Two things I love: art and war. Odd choice of words, perhaps;I do not love war, if anything I'm pretty much anti-war but there is something about the two world wars in particular that fascinate me. Mostly I think I am interested in the way people reacted to war, the literary and artistic responses and the general cultural responses to such massive catastrophes. Recently I have rekindled my love of all things art related and browsing amazon one day I came across an Imperial War Museum/Tate publication called Women War Artists by Kathleen Palmer. Now, war in general I find interesting but start me off on women and war and you will have trouble trying to shut me up. This book explores the role of women war artists up to the present day. It is engagingly written and contains some interesting facts but I did find the placement of the images a bit irritating as they are not always on the page where they are discussed. The images themselves are very powerful and really give an insight into the role of the woman artist in a world where the female role in war is still questionable. Definitely worth a read or a quick flick through the pictures (I know I'll go back and do this occasionally).

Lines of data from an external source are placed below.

(* Let $B\subset A$ be Hausdorff compact spaces with $B$ closed in $A$, let $G$ be an abelian group and $n\ge1$, and suppose $\gamma\in H_{n-1}(B;G)$ is nontrivial and $i^{n-1}_{B,A}(\gamma)=0$. Then there exists a closed set $K\subset A$ containing $B$ such that $K$ is an $(n-1)$-homology membrane for $\gamma$ spanned on $B$.
   Context: $H_k(\cdot;G)$ is Čech homology (defined via nerves of finite open covers); $i^k_{B,K}$ is induced by inclusion. For closed $B\subset K$, $K$ is an $(n-1)$-homology membrane spanned on $B$ for $\gamma\in H_{n-1}(B;G)$ if $i^{n-1}_{B,K}(\gamma)=0$ but $i^{n-1}_{B,K'}(\gamma)\ne0$ for every proper closed subset $K'\subsetneq K$ containing $B$. *)

From HB Require Import structures.
From mathcomp Require Import all_boot all_order all_algebra.
Set Implicit Arguments. Unset Strict Implicit. Unset Printing Implicit Defensive.
Import GRing.Theory.
Local Open Scope ring_scope.

Record topology (X : Type) : Type := Topology {
  is_open : (X -> Prop) -> Prop;
  open_setT : is_open (fun _ => True);
  open_setI : forall U V, is_open U -> is_open V -> is_open (fun x => U x /\ V x);
  open_bigU : forall F : (X -> Prop) -> Prop,
      (forall U, F U -> is_open U) -> is_open (fun x => exists2 U, F U & U x) }.
Arguments is_open {X}.

Definition subset (X : Type) (A B : X -> Prop) := forall x, A x -> B x.

Definition is_closed (X : Type) (T : topology X) (C : X -> Prop) :=
  is_open T (fun x => ~ C x).

(* i-th member of a finite indexed family of sets (empty set out of range) *)
Definition nthset (X : Type) (U : seq (X -> Prop)) (i : nat) : X -> Prop :=
  nth (fun _ => False) U i.

Definition compact_space (X : Type) (T : topology X) :=
  forall F : (X -> Prop) -> Prop, (forall U, F U -> is_open T U) ->
  (forall x, exists2 U, F U & U x) ->
  exists l : seq (X -> Prop), (forall i, (i < size l)%N -> F (nthset l i)) /\
    forall x, exists2 i, (i < size l)%N & nthset l i x.

Definition hausdorff_space (X : Type) (T : topology X) :=
  forall x y : X, x <> y -> exists U V, [/\ is_open T U, is_open T V, U x, V y &
    forall z, ~ (U z /\ V z)].

(* ---------- Finite open covers of a subspace S and their nerves ----------
   A finite open cover of the subspace S is a finite indexed family of open
   sets of the ambient space whose union contains S (its traces on S are the
   open sets of S; every finite open cover of S arises this way). *)
Definition open_cover (X : Type) (T : topology X) (S : X -> Prop)
    (U : seq (X -> Prop)) :=
  (forall i, (i < size U)%N -> is_open T (nthset U i)) /\
  forall x, S x -> exists2 i, (i < size U)%N & nthset U i x.

(* ordered simplex (vertices may repeat) of the nerve of U relative to S *)
Definition nerve_simplex (X : Type) (S : X -> Prop) (U : seq (X -> Prop))
    (s : seq nat) :=
  all (fun i => (i < size U)%N) s /\
  exists2 x, S x & forall i, i \in s -> nthset U i x.

(* k-chains with coefficients in G (finitely supported automatically) *)
Definition chain (X : Type) (G : zmodType) (S : X -> Prop) (U : seq (X -> Prop))
    (k : nat) (c : seq nat -> G) :=
  forall s, c s != 0 -> size s = k.+1 /\ nerve_simplex S U s.

(* boundary: (bd c)(t) = sum_i (-1)^i sum_{s : d_i s = t} c s ; zero in degree -1 *)
Definition bd (G : zmodType) (m : nat) (c : seq nat -> G) : seq nat -> G :=
  fun t => if t is [::] then 0 else
    \sum_(i < (size t).+1) \sum_(v < m)
       (if odd i then - c (take i t ++ (nat_of_ord v) :: drop i t)
        else c (take i t ++ (nat_of_ord v) :: drop i t)).

Definition cycle (X : Type) (G : zmodType) (S : X -> Prop) (U : seq (X -> Prop))
    (k : nat) (c : seq nat -> G) :=
  chain S U k c /\ forall t, bd (size U) c t = 0.

Definition boundary (X : Type) (G : zmodType) (S : X -> Prop) (U : seq (X -> Prop))
    (k : nat) (c : seq nat -> G) :=
  exists2 d : seq nat -> G, chain S U k.+1 d & forall t, c t = bd (size U) d t.

Definition refines (X : Type) (S : X -> Prop) (V U : seq (X -> Prop))
    (pi : nat -> nat) :=
  forall j, (j < size V)%N ->
    (pi j < size U)%N /\ forall x, S x -> nthset V j x -> nthset U (pi j) x.

Definition push (G : zmodType) (mV : nat) (pi : nat -> nat) (c : seq nat -> G)
    : seq nat -> G :=
  fun t => \sum_(s : (size t).-tuple 'I_mV | map pi (map (@nat_of_ord mV) s) == t)
             c (map (@nat_of_ord mV) s).
(* For integers $0\le\ell\le 2n$ and $m\ge0$, let $p_{\ell,m,2n}$ be the weighted number of paths from $(\ell,m)$ to $(2n,0)$. Then \[ \frac{p_{\ell,j,2n}}{j+1}\ge\frac{p_{\ell,k,2n}}{k+1} \] for all integers $0\le j<k\le\ell\le 2n$ with $k-j$ even.
   Context: Paths here use up steps $U=(1,1)$ and down steps $D=(1,-1)$ and never go below $y=0$. An up step starting at $(a,b)$ has weight $(a-b+2)/(a+b+2)$; the weight of a path is the product of the weights of its up steps, and $p_{\ell,m,2n}$ is the sum of the weights of all such paths from $(\ell,m)$ to $(2n,0)$. Equivalently, $p_{2n,m,2n}=\delta_{m,0}$, $p_{\ell,-1,2n}=0$, and $p_{\ell,m,2n}=p_{\ell+1,m-1,2n}+\frac{\ell-m+2}{\ell+m+2}p_{\ell+1,m+1,2n}$ for $\ell<2n$, $m\ge0$. *)

From mathcomp Require Import all_boot all_order all_algebra.
Set Implicit Arguments. Unset Strict Implicit. Unset Printing Implicit Defensive.
Import Order.TTheory GRing.Theory Num.Theory.
Local Open Scope ring_scope.

Definition upw (a b : nat) : rat :=
  ((Posz a - Posz b + 2)%:~R) / ((a + b + 2)%N%:R).

(* pathsum r l m : weighted number of paths from (l,m) to (l+r,0),
   by recursion on the number r of remaining steps. *)
Fixpoint pathsum (r l m : nat) : rat :=
  match r with
  | 0 => if m == 0%N then 1 else 0
  | r'.+1 =>
      (if m is m'.+1 then pathsum r' l.+1 m' else 0)
      + upw l m * pathsum r' l.+1 m.+1
  end.

Definition p (l m N : nat) : rat := pathsum (N - l) l m.

(* Put q_m := p_{l,m,2n} / (m+1); it suffices to show q_{m+2} <= q_m whenever m + 2 <= l, by induction on
   the number 2n - l of remaining steps.  One step of the recursion expresses q_m and q_{m+2} at column l
   through the values at column l+1 at heights m-1, m+1, m+3.  The induction hypothesis at column l+1
   gives q_{m+3} <= q_{m+1} and m q_{m+1} <= p_{m-1}, and what remains is an inequality between rational
   functions of l and m which, once the denominators are cleared, has manifestly nonnegative coefficients. *)

Set Warnings "-notation-overridden -ambiguous-paths".
From mathcomp Require Import all_boot all_order all_algebra.
From mathcomp Require Import ring lra zify.
Import Order.TTheory GRing.Theory Num.Theory.
Local Open Scope ring_scope.

Lemma column_step_ineq (R : realFieldType) (L M x z y : R) :
  0 <= M -> M + 2 <= L -> 0 <= z -> z <= x -> M * x <= y ->
  ((M + 2) * x + (L - M) / (L + M + 4) * ((M + 4) * z)) / (M + 3)
  <= (y + (L - M + 2) / (L + M + 2) * ((M + 2) * x)) / (M + 1).
Proof.
move=> M_ge0 ML z_ge0 zx Mxy.
apply: le_trans
  (_ : _ <= (M * x + (L - M + 2) / (L + M + 2) * ((M + 2) * x)) / (M + 1)) _; last first.
  by apply: ler_wpM2r; [rewrite invr_ge0; lra | rewrite lerD2r].
rewrite -subr_ge0.
have -> : (M * x + (L - M + 2) / (L + M + 2) * ((M + 2) * x)) / (M + 1)
    - ((M + 2) * x + (L - M) / (L + M + 4) * ((M + 4) * z)) / (M + 3)
  = ((L + M + 4) * (4 * (M + 2) ^+ 2 + (L - M - 2) * (M + 1) * (M + 4)) * (x - z)
     + 4 * ((L + 1) * (M + 1) * (M + 3) + 2 * M + L + 5) * z)
    / ((M + 1) * (M + 3) * (L + M + 2) * (L + M + 4)).
  by field; rewrite !gt_eqF //; lra.
by do ![ lra | apply: mulr_ge0 | apply: addr_ge0 | apply: exprn_ge0 | apply: divr_ge0
        | rewrite invr_ge0 ].
Qed.

Lemma upwE a b : upw a b = (a%:R - b%:R + 2) / (a%:R + b%:R + 2).
Proof. by rewrite /upw intrD intrB !natrD. Qed.

Lemma upw_ge0 a b : (b <= a.+2)%N -> 0 <= upw a b.
Proof.
rewrite -addn2 -(ler_nat rat) natrD upwE => ba.
have a_ge0 := ler0n rat a; have b_ge0 := ler0n rat b.
by apply: divr_ge0; lra.
Qed.

Lemma pathsum_ge0 r l m : (m <= l.+2)%N -> 0 <= pathsum r l m.
Proof.
elim: r l m => [|r IHr] l m ml /=; first by case: (m == 0%N).
apply: addr_ge0; first by case: m ml => [|m] ml //; apply: IHr; lia.
by apply: mulr_ge0; [apply: upw_ge0 | apply: IHr; lia].
Qed.

Definition pathratio r l m := pathsum r l m / m.+1%:R.

Lemma pathratioK r l m : m.+1%:R * pathratio r l m = pathsum r l m.
Proof. by rewrite mulrC divfK ?pnatr_eq0. Qed.

Lemma pathratio_ge0 r l m : (m <= l.+2)%N -> 0 <= pathratio r l m.
Proof. by move=> ml; rewrite divr_ge0 ?pathsum_ge0. Qed.

Lemma pathratio_leS2 r l m : (m.+2 <= l)%N -> pathratio r l m.+2 <= pathratio r l m.
Proof.
elim: r l m => [|r IHr] l m ml.
  by rewrite /pathratio /= mul0r divr_ge0 //; case: (m == 0%N).
set y := if m is m'.+1 then pathsum r l.+1 m' else 0.
have Mxy : m%:R * pathratio r l.+1 m.+1 <= y.
  case: m ml @y => [|m'] ml; first by rewrite mul0r.
  rewrite /= -pathratioK; apply: ler_wpM2l => //; apply: IHr; lia.
have -> : pathratio r.+1 l m.+2
  = (m.+2%:R * pathratio r l.+1 m.+1 + upw l m.+2 * (m.+4%:R * pathratio r l.+1 m.+3))
    / m.+3%:R by rewrite !pathratioK.
have -> : pathratio r.+1 l m
  = (y + upw l m * (m.+2%:R * pathratio r l.+1 m.+1)) / m.+1%:R by rewrite pathratioK.
set x := pathratio r l.+1 m.+1; set z := pathratio r l.+1 m.+3.
rewrite !upwE -[m.+4]addn4 -[m.+3]addn3 -[m.+2]addn2 -[m.+1]addn1 !natrD.
have -> : l%:R - (m%:R + 2) + 2 = l%:R - m%:R :> rat by ring.
have -> : l%:R + (m%:R + 2) + 2 = l%:R + m%:R + 4 :> rat by ring.
apply: column_step_ineq => //.
- by move: ml; rewrite -addn2 -(ler_nat rat) natrD.
- by apply: pathratio_ge0; lia.
- by apply: IHr; lia.
Qed.

Lemma pathratio_le_even r l j t : (j + 2 * t <= l)%N ->
  pathratio r l (j + 2 * t) <= pathratio r l j.
Proof.
elim: t => [|t IHt] jtl; first by rewrite muln0 addn0.
rewrite (_ : j + 2 * t.+1 = (j + 2 * t).+2)%N; last by lia.
by apply: le_trans (pathratio_leS2 r l _ _) (IHt _); lia.
Qed.

Theorem lemma4p5 (n l j k : nat) :
  (j < k)%N -> (k <= l)%N -> (l <= 2 * n)%N -> ~~ odd (k - j) ->
  p l k (2 * n) / (k.+1)%:R <= p l j (2 * n) / (j.+1)%:R.
Proof.
move=> jk kl _ even_kj.
have [t k_eq] : exists t, k = (j + 2 * t)%N.
  by exists (k - j)./2; move: (odd_double_half (k - j)); rewrite (negbTE even_kj) -muln2; lia.
by rewrite k_eq in kl *; apply: pathratio_le_even.
Qed.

I visited Tate Britain a couple of weeks ago and found another Imperial War Museum publication in the bookshop there. Tate Britain has a Paul Nash on display and I find his war art particularly striking. This book has reproductions of some of his work with accompanying discussions. Again the information is engaging and has introduced me to some new artists. The layout is much more concerned with the pictures themselves rather than a critical discussion of the war artist so it did irritate me less. Always a good thing! I found it to be a good introduction to art from the First World War. I've found that frequently art history books will skim the war and not always give it the detail it deserves but this is focused and most fascinating.

I'm really pleased with these purchases and I think the Imperial War Museum has done a good job of identifying the most striking and most significant artworks created in wartime.


I've been having too much fun

I missed doing my Friday favourite this week but fear not, you can read it now.

This week I have been loving...second hand book stalls (with particular reference to the one in Spitalfields Market)

This week I have visited London twice for two separate gigs (Alexisonfire and Florence and the Machine if you were wondering. And yes, they were brilliant). While I was there I took the opportunity to pop to Spitalfields Market for a bit of Christmas shopping and a visit to my favourite book stall. It is no exaggeration to say this stall is one of the best I've come across. It is packed full, mostly with Penguin classics, some first editions, which are all utterly gorgeous. If it wasn't so busy I could spend hours just flicking through the piles and piles of well-organised books (split into categories which is a delight for the obsessive in me). I've cast aside my attempts at a book ban and picked up a couple, but in the circumstances I was still very restrained. I almost grabbed an old guide to Somerset just to skim and have on my shelf but resisted. Maybe next time.

I decided to get whatever took my fancy instead of searching for authors I already know I like so hopefully I have discovered a few gems.

Carson McCullers The Member of the Wedding Susan Hill mentions Carson McCullers in Howards End is on the Landing and I must admit I was attracted to the name. Shallow probably, but who's going to judge. I think I was also attracted to a challenge Hill subtly proposes in regards to gendered writing. She claims that a man could never be mistaken to have written Anita Brookner's novels but McCullers's could easily be mistaken as having a male author. We shall see.

Robert Graves Selected Poetry As a First World War enthusiast (wrong word?), I am ashamed to admit I have never read any of Robert Graves's poetry. I didn't take much persuading to pick this one up to rectify that blatant hole in my WW1 knowledge.

John Cheever The Wapshot Scandal Finally, a guy doing his MRes at the same time I did my MA gave a paper on Cheever and it all sounded very interesting so thought I'd give this one a go.

I'm certainly looking forward to cracking on with these. Anyone read any of these?